• [Records for the exercise]
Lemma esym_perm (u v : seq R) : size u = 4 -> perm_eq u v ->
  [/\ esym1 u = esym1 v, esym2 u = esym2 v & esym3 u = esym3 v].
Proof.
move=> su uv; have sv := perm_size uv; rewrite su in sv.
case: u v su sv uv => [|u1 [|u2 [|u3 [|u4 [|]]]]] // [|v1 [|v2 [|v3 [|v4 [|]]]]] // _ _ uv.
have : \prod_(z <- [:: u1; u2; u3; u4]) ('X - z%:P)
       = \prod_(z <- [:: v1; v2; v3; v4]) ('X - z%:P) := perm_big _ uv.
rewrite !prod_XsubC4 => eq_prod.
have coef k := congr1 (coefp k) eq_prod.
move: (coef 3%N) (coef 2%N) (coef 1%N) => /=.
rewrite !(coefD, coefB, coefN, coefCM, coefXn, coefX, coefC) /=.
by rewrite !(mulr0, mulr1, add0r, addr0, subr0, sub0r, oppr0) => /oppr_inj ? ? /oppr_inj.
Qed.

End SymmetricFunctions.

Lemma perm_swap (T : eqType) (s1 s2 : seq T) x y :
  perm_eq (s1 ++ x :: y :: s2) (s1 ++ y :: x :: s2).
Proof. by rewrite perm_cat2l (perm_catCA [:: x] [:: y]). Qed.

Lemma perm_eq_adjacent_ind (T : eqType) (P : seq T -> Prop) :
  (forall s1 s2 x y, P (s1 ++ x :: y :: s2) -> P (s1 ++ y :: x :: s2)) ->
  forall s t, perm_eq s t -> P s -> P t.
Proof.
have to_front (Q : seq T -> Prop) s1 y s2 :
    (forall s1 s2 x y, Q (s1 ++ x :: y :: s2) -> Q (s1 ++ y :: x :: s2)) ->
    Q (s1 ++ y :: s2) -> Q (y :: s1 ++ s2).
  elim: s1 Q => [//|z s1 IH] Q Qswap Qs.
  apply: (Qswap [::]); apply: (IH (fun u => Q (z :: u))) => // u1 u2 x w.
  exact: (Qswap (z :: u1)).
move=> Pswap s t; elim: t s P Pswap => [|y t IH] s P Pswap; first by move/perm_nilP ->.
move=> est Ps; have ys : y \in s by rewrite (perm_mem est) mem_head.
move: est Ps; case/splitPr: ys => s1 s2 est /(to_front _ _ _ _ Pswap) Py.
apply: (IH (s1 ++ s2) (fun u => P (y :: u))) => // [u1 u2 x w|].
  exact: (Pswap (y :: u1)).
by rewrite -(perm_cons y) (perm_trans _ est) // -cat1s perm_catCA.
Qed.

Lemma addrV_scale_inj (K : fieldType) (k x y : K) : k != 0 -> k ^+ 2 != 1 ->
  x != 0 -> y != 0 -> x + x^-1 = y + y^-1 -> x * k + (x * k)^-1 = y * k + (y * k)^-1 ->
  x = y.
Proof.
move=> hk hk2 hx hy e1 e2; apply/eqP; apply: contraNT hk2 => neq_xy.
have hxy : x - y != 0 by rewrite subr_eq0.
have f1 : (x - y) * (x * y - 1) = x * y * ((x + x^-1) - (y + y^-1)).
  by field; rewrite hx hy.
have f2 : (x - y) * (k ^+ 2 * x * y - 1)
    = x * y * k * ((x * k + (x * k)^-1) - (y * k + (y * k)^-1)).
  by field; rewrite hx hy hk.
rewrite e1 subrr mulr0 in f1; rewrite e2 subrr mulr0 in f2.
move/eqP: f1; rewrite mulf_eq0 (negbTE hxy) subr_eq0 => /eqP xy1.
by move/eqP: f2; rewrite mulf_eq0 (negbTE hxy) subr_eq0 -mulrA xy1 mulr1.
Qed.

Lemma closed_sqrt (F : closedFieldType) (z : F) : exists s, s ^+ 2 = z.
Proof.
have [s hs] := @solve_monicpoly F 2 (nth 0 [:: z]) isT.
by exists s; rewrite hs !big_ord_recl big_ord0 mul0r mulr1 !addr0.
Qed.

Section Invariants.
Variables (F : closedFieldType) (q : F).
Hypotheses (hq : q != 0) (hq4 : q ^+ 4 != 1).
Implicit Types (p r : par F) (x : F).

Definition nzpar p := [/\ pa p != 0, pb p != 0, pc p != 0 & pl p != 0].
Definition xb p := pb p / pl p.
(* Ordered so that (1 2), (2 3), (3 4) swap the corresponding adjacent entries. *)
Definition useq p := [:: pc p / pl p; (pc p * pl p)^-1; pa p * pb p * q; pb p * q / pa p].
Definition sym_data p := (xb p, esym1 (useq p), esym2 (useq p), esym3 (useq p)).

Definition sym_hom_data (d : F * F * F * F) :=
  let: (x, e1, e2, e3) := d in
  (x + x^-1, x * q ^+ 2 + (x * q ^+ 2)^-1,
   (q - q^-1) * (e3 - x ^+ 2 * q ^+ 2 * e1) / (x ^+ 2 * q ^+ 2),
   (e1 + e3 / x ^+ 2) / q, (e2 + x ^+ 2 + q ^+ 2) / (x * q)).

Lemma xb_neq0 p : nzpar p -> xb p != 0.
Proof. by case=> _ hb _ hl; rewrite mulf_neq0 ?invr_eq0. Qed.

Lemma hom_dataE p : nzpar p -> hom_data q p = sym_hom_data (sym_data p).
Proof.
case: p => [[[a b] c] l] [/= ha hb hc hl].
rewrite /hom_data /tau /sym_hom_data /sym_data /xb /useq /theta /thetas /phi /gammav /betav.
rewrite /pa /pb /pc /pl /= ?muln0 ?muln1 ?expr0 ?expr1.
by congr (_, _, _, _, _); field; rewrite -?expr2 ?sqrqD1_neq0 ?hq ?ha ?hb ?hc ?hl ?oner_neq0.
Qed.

...

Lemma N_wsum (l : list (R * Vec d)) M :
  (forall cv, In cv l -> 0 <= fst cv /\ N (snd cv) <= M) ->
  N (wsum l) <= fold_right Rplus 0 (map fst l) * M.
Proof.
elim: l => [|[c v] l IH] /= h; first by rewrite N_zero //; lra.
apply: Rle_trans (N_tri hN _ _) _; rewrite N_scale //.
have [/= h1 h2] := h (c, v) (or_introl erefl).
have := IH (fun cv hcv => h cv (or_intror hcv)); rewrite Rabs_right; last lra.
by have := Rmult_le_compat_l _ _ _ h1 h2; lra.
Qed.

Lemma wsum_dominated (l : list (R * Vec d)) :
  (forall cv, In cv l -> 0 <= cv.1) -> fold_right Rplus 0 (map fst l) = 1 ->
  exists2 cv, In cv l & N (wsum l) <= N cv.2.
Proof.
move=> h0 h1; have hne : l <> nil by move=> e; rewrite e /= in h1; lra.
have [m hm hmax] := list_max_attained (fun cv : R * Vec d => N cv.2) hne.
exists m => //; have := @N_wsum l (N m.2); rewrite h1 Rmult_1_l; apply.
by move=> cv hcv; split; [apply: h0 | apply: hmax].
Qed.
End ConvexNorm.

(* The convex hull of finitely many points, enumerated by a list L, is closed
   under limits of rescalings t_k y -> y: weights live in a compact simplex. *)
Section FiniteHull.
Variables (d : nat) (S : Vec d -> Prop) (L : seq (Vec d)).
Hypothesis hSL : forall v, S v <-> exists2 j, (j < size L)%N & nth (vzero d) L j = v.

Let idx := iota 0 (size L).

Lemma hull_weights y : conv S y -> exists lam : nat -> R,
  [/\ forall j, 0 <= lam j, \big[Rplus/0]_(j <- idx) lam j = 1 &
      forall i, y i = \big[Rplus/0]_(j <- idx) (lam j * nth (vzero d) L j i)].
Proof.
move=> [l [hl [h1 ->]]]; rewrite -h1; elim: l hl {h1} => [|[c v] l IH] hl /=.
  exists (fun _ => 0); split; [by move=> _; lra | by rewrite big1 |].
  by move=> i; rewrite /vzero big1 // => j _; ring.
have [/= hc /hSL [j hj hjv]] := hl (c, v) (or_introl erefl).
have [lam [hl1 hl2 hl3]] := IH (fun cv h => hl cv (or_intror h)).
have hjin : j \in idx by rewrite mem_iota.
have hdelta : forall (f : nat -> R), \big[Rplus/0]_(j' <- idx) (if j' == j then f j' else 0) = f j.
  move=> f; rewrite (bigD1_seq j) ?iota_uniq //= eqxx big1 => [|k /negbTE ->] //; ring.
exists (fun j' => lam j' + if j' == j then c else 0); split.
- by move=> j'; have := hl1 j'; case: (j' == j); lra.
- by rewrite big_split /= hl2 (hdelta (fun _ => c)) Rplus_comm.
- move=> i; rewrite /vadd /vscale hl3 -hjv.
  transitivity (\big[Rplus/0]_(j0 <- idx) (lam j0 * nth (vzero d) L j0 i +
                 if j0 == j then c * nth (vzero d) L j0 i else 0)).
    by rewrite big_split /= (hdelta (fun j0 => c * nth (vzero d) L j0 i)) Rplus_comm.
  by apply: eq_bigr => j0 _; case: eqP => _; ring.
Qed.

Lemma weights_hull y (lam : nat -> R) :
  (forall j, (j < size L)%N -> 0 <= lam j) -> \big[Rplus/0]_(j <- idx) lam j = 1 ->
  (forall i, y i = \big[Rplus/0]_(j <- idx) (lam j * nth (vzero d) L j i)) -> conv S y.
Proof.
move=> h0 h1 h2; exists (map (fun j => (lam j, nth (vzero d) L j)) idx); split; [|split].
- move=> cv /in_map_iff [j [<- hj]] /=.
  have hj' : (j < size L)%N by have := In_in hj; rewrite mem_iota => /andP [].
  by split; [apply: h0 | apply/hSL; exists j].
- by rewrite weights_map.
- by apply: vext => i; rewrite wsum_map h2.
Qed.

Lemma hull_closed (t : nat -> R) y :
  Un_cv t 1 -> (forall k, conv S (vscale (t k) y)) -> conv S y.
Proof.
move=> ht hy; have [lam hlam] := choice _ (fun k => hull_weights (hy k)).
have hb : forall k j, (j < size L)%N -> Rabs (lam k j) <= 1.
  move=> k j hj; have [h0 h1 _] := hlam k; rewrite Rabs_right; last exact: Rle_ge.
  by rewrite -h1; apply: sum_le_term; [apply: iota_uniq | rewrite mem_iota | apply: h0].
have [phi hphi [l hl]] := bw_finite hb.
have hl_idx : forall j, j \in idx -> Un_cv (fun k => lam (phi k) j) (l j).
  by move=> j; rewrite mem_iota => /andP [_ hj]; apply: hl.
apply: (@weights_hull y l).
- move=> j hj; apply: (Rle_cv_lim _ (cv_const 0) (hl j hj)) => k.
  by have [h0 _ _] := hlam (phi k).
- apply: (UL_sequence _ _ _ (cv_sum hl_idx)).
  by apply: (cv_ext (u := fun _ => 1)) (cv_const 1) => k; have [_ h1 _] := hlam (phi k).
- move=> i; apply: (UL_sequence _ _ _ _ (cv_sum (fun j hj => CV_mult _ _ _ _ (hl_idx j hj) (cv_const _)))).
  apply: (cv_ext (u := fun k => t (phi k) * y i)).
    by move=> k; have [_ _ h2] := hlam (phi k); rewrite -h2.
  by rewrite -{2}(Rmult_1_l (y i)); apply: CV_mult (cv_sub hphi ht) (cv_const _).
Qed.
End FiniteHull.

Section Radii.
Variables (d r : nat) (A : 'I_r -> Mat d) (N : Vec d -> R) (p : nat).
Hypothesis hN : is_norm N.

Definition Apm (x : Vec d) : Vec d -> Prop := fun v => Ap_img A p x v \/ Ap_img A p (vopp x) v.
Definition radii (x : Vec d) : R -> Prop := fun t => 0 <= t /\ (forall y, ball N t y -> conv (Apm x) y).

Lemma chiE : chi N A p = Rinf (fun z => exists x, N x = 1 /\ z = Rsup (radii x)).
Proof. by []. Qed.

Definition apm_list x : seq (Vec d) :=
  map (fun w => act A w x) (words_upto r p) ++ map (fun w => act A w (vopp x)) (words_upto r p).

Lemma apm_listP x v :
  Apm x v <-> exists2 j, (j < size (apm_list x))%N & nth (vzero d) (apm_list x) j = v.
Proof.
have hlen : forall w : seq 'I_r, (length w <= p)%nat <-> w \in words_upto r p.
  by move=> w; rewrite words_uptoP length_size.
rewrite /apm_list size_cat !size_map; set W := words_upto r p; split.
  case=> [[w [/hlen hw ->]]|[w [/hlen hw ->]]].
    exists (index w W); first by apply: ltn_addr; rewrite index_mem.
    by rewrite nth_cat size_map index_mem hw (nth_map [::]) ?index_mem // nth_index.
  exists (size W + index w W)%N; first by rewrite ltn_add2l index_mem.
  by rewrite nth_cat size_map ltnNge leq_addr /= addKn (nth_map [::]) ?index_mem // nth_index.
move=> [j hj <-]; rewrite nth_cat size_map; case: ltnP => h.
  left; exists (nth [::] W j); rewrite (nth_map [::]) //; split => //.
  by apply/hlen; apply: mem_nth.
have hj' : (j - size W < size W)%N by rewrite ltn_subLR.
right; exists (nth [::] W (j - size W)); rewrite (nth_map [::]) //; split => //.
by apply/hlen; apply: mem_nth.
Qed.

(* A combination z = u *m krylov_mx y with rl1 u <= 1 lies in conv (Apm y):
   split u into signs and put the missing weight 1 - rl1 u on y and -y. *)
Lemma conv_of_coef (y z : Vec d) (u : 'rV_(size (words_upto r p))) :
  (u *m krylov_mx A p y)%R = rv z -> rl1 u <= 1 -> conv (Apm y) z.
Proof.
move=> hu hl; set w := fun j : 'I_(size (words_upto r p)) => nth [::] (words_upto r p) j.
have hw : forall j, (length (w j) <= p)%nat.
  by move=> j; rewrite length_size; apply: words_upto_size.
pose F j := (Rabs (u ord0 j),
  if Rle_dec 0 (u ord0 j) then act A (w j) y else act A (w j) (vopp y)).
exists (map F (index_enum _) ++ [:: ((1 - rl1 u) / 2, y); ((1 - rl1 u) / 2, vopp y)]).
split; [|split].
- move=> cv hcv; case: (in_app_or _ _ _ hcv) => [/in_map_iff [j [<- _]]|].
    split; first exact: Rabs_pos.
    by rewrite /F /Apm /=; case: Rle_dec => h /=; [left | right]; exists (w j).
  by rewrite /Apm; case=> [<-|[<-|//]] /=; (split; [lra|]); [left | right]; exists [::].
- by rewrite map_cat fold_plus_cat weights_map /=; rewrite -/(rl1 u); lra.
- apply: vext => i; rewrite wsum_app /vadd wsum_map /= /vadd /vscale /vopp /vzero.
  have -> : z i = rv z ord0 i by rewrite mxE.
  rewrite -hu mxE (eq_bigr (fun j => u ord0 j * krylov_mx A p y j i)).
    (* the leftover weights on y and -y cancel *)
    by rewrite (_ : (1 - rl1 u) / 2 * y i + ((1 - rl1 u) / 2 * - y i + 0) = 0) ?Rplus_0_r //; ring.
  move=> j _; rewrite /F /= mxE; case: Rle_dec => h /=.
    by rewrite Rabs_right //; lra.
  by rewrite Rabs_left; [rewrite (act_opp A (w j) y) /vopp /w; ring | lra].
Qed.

• [Exercise brief] Every line above from the line with "Lemma esym_perm (u" to the line with "exact: (Pswap (y :: u1))." is wanted, ends included; write them out exactly and add no other line.

• [Final answer]
Lemma esym_perm (u v : seq R) : size u = 4 -> perm_eq u v ->
  [/\ esym1 u = esym1 v, esym2 u = esym2 v & esym3 u = esym3 v].
Proof.
move=> su uv; have sv := perm_size uv; rewrite su in sv.
case: u v su sv uv => [|u1 [|u2 [|u3 [|u4 [|]]]]] // [|v1 [|v2 [|v3 [|v4 [|]]]]] // _ _ uv.
have : \prod_(z <- [:: u1; u2; u3; u4]) ('X - z%:P)
       = \prod_(z <- [:: v1; v2; v3; v4]) ('X - z%:P) := perm_big _ uv.
rewrite !prod_XsubC4 => eq_prod.
have coef k := congr1 (coefp k) eq_prod.
move: (coef 3%N) (coef 2%N) (coef 1%N) => /=.
rewrite !(coefD, coefB, coefN, coefCM, coefXn, coefX, coefC) /=.
by rewrite !(mulr0, mulr1, add0r, addr0, subr0, sub0r, oppr0) => /oppr_inj ? ? /oppr_inj.
Qed.

End SymmetricFunctions.

Lemma perm_swap (T : eqType) (s1 s2 : seq T) x y :
  perm_eq (s1 ++ x :: y :: s2) (s1 ++ y :: x :: s2).
Proof. by rewrite perm_cat2l (perm_catCA [:: x] [:: y]). Qed.

Lemma perm_eq_adjacent_ind (T : eqType) (P : seq T -> Prop) :
  (forall s1 s2 x y, P (s1 ++ x :: y :: s2) -> P (s1 ++ y :: x :: s2)) ->
  forall s t, perm_eq s t -> P s -> P t.
Proof.
have to_front (Q : seq T -> Prop) s1 y s2 :
    (forall s1 s2 x y, Q (s1 ++ x :: y :: s2) -> Q (s1 ++ y :: x :: s2)) ->
    Q (s1 ++ y :: s2) -> Q (y :: s1 ++ s2).
  elim: s1 Q => [//|z s1 IH] Q Qswap Qs.
  apply: (Qswap [::]); apply: (IH (fun u => Q (z :: u))) => // u1 u2 x w.
  exact: (Qswap (z :: u1)).
move=> Pswap s t; elim: t s P Pswap => [|y t IH] s P Pswap; first by move/perm_nilP ->.
move=> est Ps; have ys : y \in s by rewrite (perm_mem est) mem_head.
move: est Ps; case/splitPr: ys => s1 s2 est /(to_front _ _ _ _ Pswap) Py.
apply: (IH (s1 ++ s2) (fun u => P (y :: u))) => // [u1 u2 x w|].
  exact: (Pswap (y :: u1)).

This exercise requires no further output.